One, every legislative enactment intended to regulate campaign finance has always been circumvented and this includes McCain-Feigold. Therefore, accepting this premise, campaign finance legislation is a product of fatuousness.
Two, I am in favor of complete disclosure rather than limits on raising money and/or spending money--with the latter being found unconstitutional viz. BUCKLEY v. VALEO. At least with complete disclosure the ultimate consumer, i.e., the voter, can know the identity of the supporter and the amount given and make an informed decision (if he or she wishes) on the basis of such information.

shiva

What Judge Posner said about intensity of preference does not fail because of the differences in utility coming from a dollar. Contributions are still a way to express intensity, even if a dollar from one person expresses a different degree of it than a dollar from another person. So limitations really do restrict one form of that expression, whether it bothers you or not.
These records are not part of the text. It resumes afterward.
(* For each of the seven difference systems $a\mathcal{Q}3^{\delta}$, $a\mathcal{Q}2$, $a\mathcal{Q}1^{\delta}$, $a\mathcal{A}1^{\delta}$, $a\mathcal{H}3^{\delta}$, $a\mathcal{H}2$, $a\mathcal{H}1$ (taken with $n=2$), a Lax matrix is $$ L(u,s;p,\lambda) = \frac{1}{\sqrt{A}}\begin{bmatrix} \mathbf{0} & \mathbf{L}^1 \\ \mathbf{L}^2 & \mathbf{0} \end{bmatrix}, $$ where $\mathbf{L}^1,\mathbf{L}^2$ are $2\times 2$ matrices with $\det \mathbf{L}^1=\det \mathbf{L}^2 =c A$, $c$ some non-zero constant, and $\mathbf{L}^1,\mathbf{L}^2,A$ are: $a\mathcal{Q}3^{\delta}$: with $\Lambda:=\lambda-\frac{1}{\lambda}$, $P:=p-\frac{1}{p}$, $\mathbf{L}^1=\begin{bmatrix} \Lambda(s-u)+\left(-P+\frac{\lambda}{p}-\frac{p}{\lambda}\right)(s+u) & 2\Lambda\left(\delta P \left(\frac{\lambda}{p}-\frac{p}{\lambda}\right) +su\right)\\ -2P & \left(P+\frac{\lambda}{p}-\frac{p}{\lambda}\right)(s-u)+\Lambda(s+u)\end{bmatrix}$, $\mathbf{L}^2=\begin{bmatrix} -\Lambda (s-u)-\left(P+\frac{\lambda}{p}-\frac{p}{\lambda}\right)(s+u) & 2\Lambda\left(\delta P\left(\frac{p}{\lambda}-\frac{\lambda}{p}\right)+su\right)\\ 2P & \left(P+\frac{p}{\lambda}-\frac{\lambda}{p}\right)(s-u)-\Lambda(s+u)\end{bmatrix}$, $A=4\delta (1-p^2)^2+p(1+p)^2s^2-p(1-p)^2u^2$. $a\mathcal{Q}2$: $\mathbf{L}^1=\begin{bmatrix} (\lambda -p)(\lambda p-s)+pu & \lambda(-\lambda p+p^2+s)\left(p(p-\lambda)-u\right)+\lambda^3p(p-\lambda)\\ p & \lambda\left(p(p-\lambda)-s\right)\end{bmatrix}$, $\mathbf{L}^2=\begin{bmatrix} \lambda(-\lambda p+p^2+s) & \lambda(-\lambda p+p^2-s)\left(p(\lambda-p)+u\right)+\lambda^3p(\lambda-p)\\ -p & (\lambda-p)(\lambda p+s)+pu\end{bmatrix}$, $A=p^4+s^2-2p^2u$. $a\mathcal{Q}1^{\delta}$: $\mathbf{L}^1=\begin{bmatrix} -\lambda s+p(s+u) & \lambda\left(\delta p(\lambda-p)-su\right)\\ p & -\lambda s\end{bmatrix}$, $\mathbf{L}^2=\begin{bmatrix} \lambda s & \lambda\left(\delta p(p-\lambda)-su\right)\\ -p & \lambda s-p(s-u)\end{bmatrix}$, $A=\delta p^2-s^2$. $a\mathcal{A}1^{\delta}$: $\mathbf{L}^1=\begin{bmatrix} -\lambda u & \lambda\left(\delta p(\lambda-p)+su \right)\\ -p & p(s-u)+\lambda u\end{bmatrix}$, $\mathbf{L}^2=\begin{bmatrix} -\lambda u+p (s+u) & \lambda\left(\delta p (\lambda-p)-su\right)\\ -p & \lambda u\end{bmatrix}$, $A=\delta p^2-u^2$. $a\mathcal{H}3^{\delta}$: $\mathbf{L}^1=\begin{bmatrix} \lambda (s-u)-p(s+u) & 2\delta (p^2-\lambda^2)+2\lambda s u\\ -2p & p(s-u)+\lambda (s+u)\end{bmatrix}$, $\mathbf{L}^2=\begin{bmatrix} \lambda(s-u)+p(s+u) & 2\delta (p^2-\lambda^2)-2\lambda s u \\ -2p & -p(s-u)+\lambda (s+u)\end{bmatrix}$, $A=4\delta p+u^2-s^2$. $a\mathcal{H}2$: $\mathbf{L}^1=\begin{bmatrix} \lambda-p-u & \lambda^2+(s-p)(p+u)-\lambda(s-u)\\ -1 & -\lambda+p+s\end{bmatrix}$, $\mathbf{L}^2=\begin{bmatrix} \lambda-p+s & \lambda^2-(p+s)(p+u)+\lambda(s+u)\\ -1 & -\lambda+p+u\end{bmatrix}$, $A=p+u$. $a\mathcal{H}1$: $\mathbf{L}^1=\begin{bmatrix} -u & -\lambda+p+su\\ -1 & s\end{bmatrix}$, $\mathbf{L}^2=\begin{bmatrix} s & -\lambda+p-su\\ -1 & u\end{bmatrix}$, $A=1$.
   Context: We consider difference systems in ''bond variables'' on the edges of a $\mathbb{Z}^2$ graph. For $i\neq j\in\{1,2\}$, $X^i,Y^i$ are fields on edges of direction $i$, $p^i$ are lattice parameters, and a subscript $j$ denotes a shift in direction $j$. With $n=2$ we identify $u:=X^1$, $s:=Y^1$, $v:=X^2$, $t:=Y^2$, $p:=p^1$, $q:=p^2$, $u_2:=X^1_2$, $s_2:=Y^1_2$, $v_1:=X^2_1$, $t_1:=Y^2_1$. The a-list of systems ($i\neq j\in\{1,2\}$, $\delta\in\{0,1\}$) is: $a\mathcal{Q}3^{\delta}$: $X^i_j= Y^i-2\frac{\delta a b c+(bY^i-aX^j)(Y^i-Y^j)+cY^iX^j}{2bY^i-(a+b+c)Y^j-(a-b-c)X^j}$, $Y^i_j=X^i-2\frac{\delta a b c+(bX^i-aX^j)(X^i+Y^j)+cX^iX^j}{2bX^i-(a-b+c)Y^j-(a+b-c)X^j}$, with $a:=p^i-\frac{1}{p^i}$, $b:=p^j-\frac{1}{p^j}$, $c:=\frac{p^i}{p^j}-\frac{p^j}{p^i}$. $a\mathcal{Q}2$: $X^i_j=X^j+(p^i-p^j)\frac{p^ip^j([p^i]^2-p^ip^j+[p^j]^2)+Y^iY^j-p^ip^j(Y^i-Y^j+2X^j)}{p^iY^j-p^jY^i+p^ip^j(p^i-p^j)}$, $Y^i_j=p^i\frac{p^j(p^i-p^j)([p^i]^2-p^ip^j+[p^j]^2-X^i-X^j-Y^j)+Y^j(X^i-X^j)}{(p^ip^j+Y^j)(p^i-p^j)-p^j(X^i-X^j)}$. $a\mathcal{Q}1^{\delta}$: $X^i_j=X^j+(p^i-p^j)\frac{\delta p^ip^j-Y^iY^j}{p^jY^i-p^iY^j}$, $Y^i_j=p^i\frac{\delta p^j(p^j-p^i)+Y^j(X^i-X^j)}{p^iY^j-p^j(X^i-X^j+Y^j)}$. $a\mathcal{A}1^{\delta}$: $X^i_j=p^i\frac{\delta p^j(p^i-p^j)+X^j(Y^j-Y^i)}{p^iX^j-p^j(Y^i+X^j-Y^j)}$, $Y^i_j=-Y^j+(p^i-p^j)\frac{\delta p^ip^j-X^iX^j}{p^iX^j-p^jX^i}$. $a\mathcal{H}3^{\delta}$: $X^i_j=\frac{(p^i-p^j)\left(2\delta (p^i+p^j)-Y^iY^j\right)+\left((p^i+p^j)Y^i-2p^iY^j\right)X^j}{p^j(2Y^i+X^j-Y^j)-p^i(X^j+Y^j)}$, $Y^i_j=\frac{2\delta ({p^j}^2-{p^i}^2)+p^iX^iY^j-p^iX^j(X^i+2Y^j)+p^jX^i(X^j+Y^j)}{p^i(X^j+Y^j)-p^j(2X^i-X^j+Y^j)}$. $a\mathcal{H}2$: $X^i_j=X^j-(p^i-p^j)\frac{p^i+p^j+Y^i-Y^j+2X^j}{p^i-p^j+Y^i-Y^j}$, $Y^i_j=p^i-p^j-Y^j-2(p^i-p^j)\frac{p^i+X^i}{p^i-p^j+X^i-X^j}$. $a\mathcal{H}1$: $X^i_j=X^j+\frac{p^i-p^j}{Y^i-Y^j}$, $Y^i_j=-Y^i+\frac{p^i-p^j}{X^i-X^j}$. A matrix $L(u,s;p,\lambda)$ is called a Lax matrix of such a system (written as $u_2=f^1(s,v,t)$, $s_2=f^2(u,v,t)$, $v_1=f^3(u,s,t)$, $t_1=f^4(u,s,v)$) if these equations imply $L(u_2,s_2;p,\lambda)\,L(v,t;q,\lambda)=L(v_1,t_1;q,\lambda)\,L(u,s;p,\lambda)$ for all $\lambda$; this is the compatibility condition of $\Psi_1=L(u,s;p,\lambda)\Psi$, $\Psi_2=L(v,t;q,\lambda)\Psi$. *)

From HB Require Import structures.
From mathcomp Require Import all_boot all_order all_algebra.
Set Implicit Arguments. Unset Strict Implicit. Unset Printing Implicit Defensive.
Import Order.TTheory GRing.Theory Num.Theory.
Local Open Scope ring_scope.
Lemma annihilated_powers_summable (R : rcfType) n (M B : 'M[R[i]]_n) (rho : R)
    (r : seq R[i]) :
  0 <= rho -> (forall z, z \in r -> rho * Normc.normc z < 1) ->
  (\prod_(z <- r) (M - z%:M)) *m B = 0 ->
  forall i j, exists K, forall N,
    \sum_(0 <= m < N) rho ^+ m * Normc.normc ((M ^+ m *m B) i j) <= K.
Proof.
move=> rho0; elim/last_ind: r B => [|r z IH] B r_small annB i j.
  rewrite big_nil mul1mx in annB; exists 0 => N.
  by rewrite big1 // => m _; rewrite annB mulmx0 mxE Normc.normc0 mulr0.
rewrite big_rcons /= -mulmxA in annB.
have r_small' w : w \in r -> rho * Normc.normc w < 1.
  by move=> wr; apply: r_small; rewrite mem_rcons in_cons wr orbT.
have [K bndK] := IH _ r_small' annB i j.
apply: (bounded_series_of_contraction rho0 (normc_ge0 z) _ _ _ bndK)
  => [|m|m].
- by apply: r_small; rewrite mem_rcons mem_head.
- exact: normc_ge0.
have -> : M ^+ m.+1 *m B = z *: (M ^+ m *m B) + M ^+ m *m ((M - z%:M) *m B).
  by rewrite mulmxBl mul_scalar_mx mulmxBr -scalemxAr mulmxA exprSr addrC subrK.
by rewrite !mxE (le_trans (le_normcD _ _)) // Normc.normcM.
Qed.

Lemma eigenvalue_normc_le_spr (R : realType) n (M : 'M[R]_n) z :
  cplx_eigenvalues M z -> Normc.normc z <= spr M.
Proof.
set Mc := map_mx (fun r : R => r%:C%C) M.
have [rs Ers] := closed_field_poly_normal (char_poly Mc).
rewrite (monicP (char_poly_monic Mc)) scale1r in Ers.
have eig_rs w : cplx_eigenvalues M w -> w \in rs.
  by rewrite /cplx_eigenvalues /= -/Mc Ers root_prod_XsubC.
move=> eig_z; apply: sup_upper_bound; last by exists z.
split; first by exists (Normc.normc z), z.
exists (\big[Order.max/0]_(w <- rs) Normc.normc w) => _ [w /eig_rs w_rs <-].
exact: le_bigmax_seq.
Qed.

Lemma normcR (R : rcfType) (x : R) : Normc.normc x%:C%C = `|x|.
Proof. by rewrite /Normc.normc /= expr0n /= addr0 sqrtr_sqr. Qed.

Lemma spr_lt1_powers_summable (R : realType) n (M : 'M[R]_n.+1) :
  spr M < 1 ->
  exists2 rho : R, 1 < rho & forall i j, exists K, forall N,
    \sum_(0 <= m < N) rho ^+ m * `|(M ^+ m) i j| <= K.
Proof.
move=> spr_lt1; set Mc := map_mx (fun r : R => r%:C%C) M.
have [rs Ers] := closed_field_poly_normal (char_poly Mc).
rewrite (monicP (char_poly_monic Mc)) scale1r in Ers.
set s := Num.max (spr M) 0.
have s_ge0 : 0 <= s by rewrite le_max lexx orbT.
have s_lt1 : s < 1 by rewrite gt_max spr_lt1 ltr01.
have rho_ge0 : 0 <= 2 / (1 + s) by rewrite divr_ge0 //; lra.
exists (2 / (1 + s)); first by rewrite ltr_pdivlMr ?mul1r; lra.
have rs_small z : z \in rs -> 2 / (1 + s) * Normc.normc z < 1.
  move=> z_rs; have : Normc.normc z <= s.
    by rewrite le_max eigenvalue_normc_le_spr // /cplx_eigenvalues /= Ers root_prod_XsubC.
  rewrite mulrC mulrA ltr_pdivrMr; last lra.
  have := normc_ge0 z; nra.
have annihil : \prod_(z <- rs) (Mc - z%:M) *m 1%:M = 0.
  rewrite mulmx1 -(Cayley_Hamilton Mc) Ers rmorph_prod; apply: eq_bigr => z _.
  by rewrite rmorphB /= horner_mx_X horner_mx_C.
move=> i j; have [K bndK] := annihilated_powers_summable rho_ge0 rs_small annihil i j.
have entryE m : `|(M ^+ m) i j| = Normc.normc ((Mc ^+ m *m 1%:M) i j).
  by rewrite mulmx1 -rmorphXn mxE normcR.
by exists K => N; under eq_bigr do rewrite entryE.
Qed.
Lemma compl_factor_merge x z y X V Y Z1 Z2 :
  valid_band n x -> valid_band n z -> valid_band n y ->
  pos_word n Z1 -> pos_word n Z2 -> size V <= m ->
  pos_equiv n X (compl x z ++ Z1) -> pos_equiv n V (compl z x ++ Z1) ->
  pos_equiv n V (compl z y ++ Z2) -> pos_equiv n Y (compl y z ++ Z2) ->
  compl_factor n x y X Y.
Proof.
move=> vx vz vy vZ1 vZ2 sV HX HV1 HV2 HY.
have [u [v [g [Ec vg Hxz Hyz]]]] := cube_condition vx vz vy.
have [W [vW HZ1 HZ2]] : exists W, [/\ pos_word n W, pos_equiv n Z1 (u ++ W)
    & pos_equiv n Z2 (v ++ W)].
  apply: (compl_word_factor Ec); rewrite ?pos_word_cat ?compl_valid //.
    by rewrite -(pos_equiv_size HV1).
  exact: pos_equiv_trans (pos_equiv_sym HV1) HV2.
exists (g ++ W); split; first by rewrite pos_word_cat vg.
- apply: pos_equiv_trans (pos_equiv_trans HX (pos_equiv_catl _ HZ1)) _.
  by rewrite !catA; apply: pos_equiv_catr.
- apply: pos_equiv_trans (pos_equiv_trans HY (pos_equiv_catl _ HZ2)) _.
  by rewrite !catA; apply: pos_equiv_catr.
Qed.

End Merge.

Lemma factors_through_compl_all n m : factors_through_compl n m.
Proof.
elim/ltn_ind: m => m IH x y X Y vxX sX H.
suff chain w1 w2 : pos_equiv n w1 w2 -> pos_word n w1 -> size w1 = m.+1 ->
    forall x X y Y, w1 = x :: X -> w2 = y :: Y -> compl_factor n x y X Y.
  by apply: (chain _ _ H vxX) => //=; rewrite sX.
elim=> {w1 w2} [w1 w2 Hs | w | w1 w2 w3 H12 IH12 H23 IH23].
- by move=> vw _; apply: pos_step_compl_factor.
- move=> vw _ x0 X0 y0 Y0 ew; subst w => -[<- <-].
  have /andP[_ vX0] := vw.
  by exists X0; rewrite compl_self; split=> //; exact: pos_equiv_refl.
move=> vw1 sw1 x0 X0 y0 Y0 e1 e3; have vw2 := pos_equiv_valid H12 vw1.
have sw2 : size w2 = m.+1 by rewrite -(pos_equiv_size H12).
case: w2 H12 IH12 H23 IH23 vw2 sw2 => [|z V] // H12 IH12 H23 IH23 vw2 sw2.
have [Z1 [vZ1 HX HV1]] := IH12 vw1 sw1 _ _ _ _ e1 erefl.
have [Z2 [vZ2 HV2 HY]] := IH23 vw2 sw2 _ _ _ _ erefl e3.
have vy0 : valid_band n y0 by move: (pos_equiv_valid H23 vw2); rewrite e3 => /andP[].
move: vw1 vw2; rewrite e1 => /andP[vx0 _] /andP[vz _].
by apply: (compl_factor_merge IH) HX HV1 HV2 HY => //; case: sw2 => ->.
Qed.

Theorem theorem2p3 (n : nat) (X Y : seq band) (t s r q : nat) :
  pos_word n X -> pos_word n Y ->
  valid_band n (a t s) -> valid_band n (a r q) ->
  pos_equiv n (a t s :: X) (a r q :: Y) ->
  (* (I) *)
  ((t = r /\ s = q) -> pos_equiv n X Y) /\
  (* (II)(i) *)
  ((t = r /\ (q < s)%N) -> exists Z, pos_word n Z /\
      pos_equiv n X (a s q :: Z) /\ pos_equiv n Y (a t s :: Z)) /\
  (* (II)(ii) *)
  ((t = r /\ (s < q)%N) -> exists Z, pos_word n Z /\
      pos_equiv n X (a t q :: Z) /\ pos_equiv n Y (a q s :: Z)) /\
  (* (II)(iii) *)
  (t = q -> exists Z, pos_word n Z /\
      pos_equiv n X (a r s :: Z) /\ pos_equiv n Y (a t s :: Z)) /\
  (* (II)(iv) *)
  (s = r -> exists Z, pos_word n Z /\
      pos_equiv n X (a s q :: Z) /\ pos_equiv n Y (a t q :: Z)) /\
  (* (II)(v) *)
  ((s = q /\ (r < t)%N) -> exists Z, pos_word n Z /\
      pos_equiv n X (a t r :: Z) /\ pos_equiv n Y (a t s :: Z)) /\
  (* (II)(vi) *)
  ((s = q /\ (t < r)%N) -> exists Z, pos_word n Z /\
      pos_equiv n X (a r s :: Z) /\ pos_equiv n Y (a r t :: Z)) /\
  (* (III) *)
  (uniq [:: t; s; r; q] ->
   (0 < ((t%:Z - r%:Z) * (t%:Z - q%:Z) * (s%:Z - r%:Z) * (s%:Z - q%:Z))%R)%R ->
   exists Z, pos_word n Z /\
      pos_equiv n X (a r q :: Z) /\ pos_equiv n Y (a t s :: Z)) /\
  (* (IV)(i) *)
  (uniq [:: t; s; r; q] -> [&& q < s, s < r & r < t]%N ->
   exists Z, pos_word n Z /\
      pos_equiv n X (a t r :: a s q :: Z) /\ pos_equiv n Y (a t q :: a r s :: Z)) /\
  (* (IV)(ii) *)
  (uniq [:: t; s; r; q] -> [&& s < q, q < t & t < r]%N ->
   exists Z, pos_word n Z /\
      pos_equiv n X (a t q :: a r s :: Z) /\ pos_equiv n Y (a r t :: a q s :: Z)).
Proof.
move=> vX vY vts vrq H.
have vtsX : pos_word n (a t s :: X) by apply/andP.
have [Z [vZ HX HY]] := factors_through_compl_all vtsX erefl H.
have common u v : compl (a t s) (a r q) = u -> compl (a r q) (a t s) = v ->
    exists Z, pos_word n Z /\ pos_equiv n X (u ++ Z) /\ pos_equiv n Y (v ++ Z).
  by move=> <- <-; exists Z.
have /and3P[/= s0 st tn] := vts; have /and3P[/= q0 qr rn] := vrq.
rewrite R1_condE; repeat split.
- case=> ? ?; subst r q; move: HX HY; rewrite compl_self => HX /pos_equiv_sym.
  exact: pos_equiv_trans HX.
- by case=> ? ?; subst r; apply: (common [:: _] [:: _]); case_compl.
- by case=> ? ?; subst r; apply: (common [:: _] [:: _]); case_compl.
- by move=> ?; subst q; apply: (common [:: _] [:: _]); case_compl.
- by move=> ?; subst r; apply: (common [:: _] [:: _]); case_compl.
- by case=> ? ?; subst q; apply: (common [:: _] [:: _]); case_compl.
- by case=> ? ?; subst q; apply: (common [:: _] [:: _]); case_compl.
- move=> _ nc; apply: (common [:: _] [:: _]); first exact: compl_noncrossing.
  exact/compl_noncrossing/noncrossing_sym.
- move=> _ /and3P[qs sr rt].
  have E1 : compl (a t s) (a r q) = [:: a t r; a s q] by case_compl.
  have E2 : compl (a r q) (a t s) = [:: a r s; a t q] by case_compl.
  have [W [vW [HXW HYW]]] := common _ _ E1 E2.
  exists W; do 2 split=> //; rewrite -[a t q :: _]/([:: a t q; a r s] ++ W).
  apply: pos_equiv_trans HYW (pos_equiv_catr W _).
  by apply: pos_equiv_commute; rewrite /valid_band /noncrossing /=; lia.
- by move=> _ /and3P[? ? ?]; apply: (common [:: _; _] [:: _; _]); case_compl.
Qed.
As for the concern with liberal democratic principles, I am sympathetic with you, and I do believe it is obscured by a law-and-economics approach, even if it is not completely ignored (Posner's analysis did mention the potential difficulty in reaching the social optimum due to concentrations of private benefits).

David Welker

There is one major flaw with Posner's point concerning intensity - the market is NOT is not good enough at measuring "intensity" to make it worthwhile to allow the wealthy to make unlimited contributions. If someone who is wealthy makes a large contribution and someone who is not wealthy makes a small contribution, this obviously does not mean that the "intensity" of the more wealthy citizen's preferences is greater. You could only plausibly make that claim if you controlled for income.

The more significant and overwhelming result of allowing unlimited contributions by the wealthy is clear -- their preferences, however strong or weak in intensity, will far outweigh the preferences of less wealthy individuals.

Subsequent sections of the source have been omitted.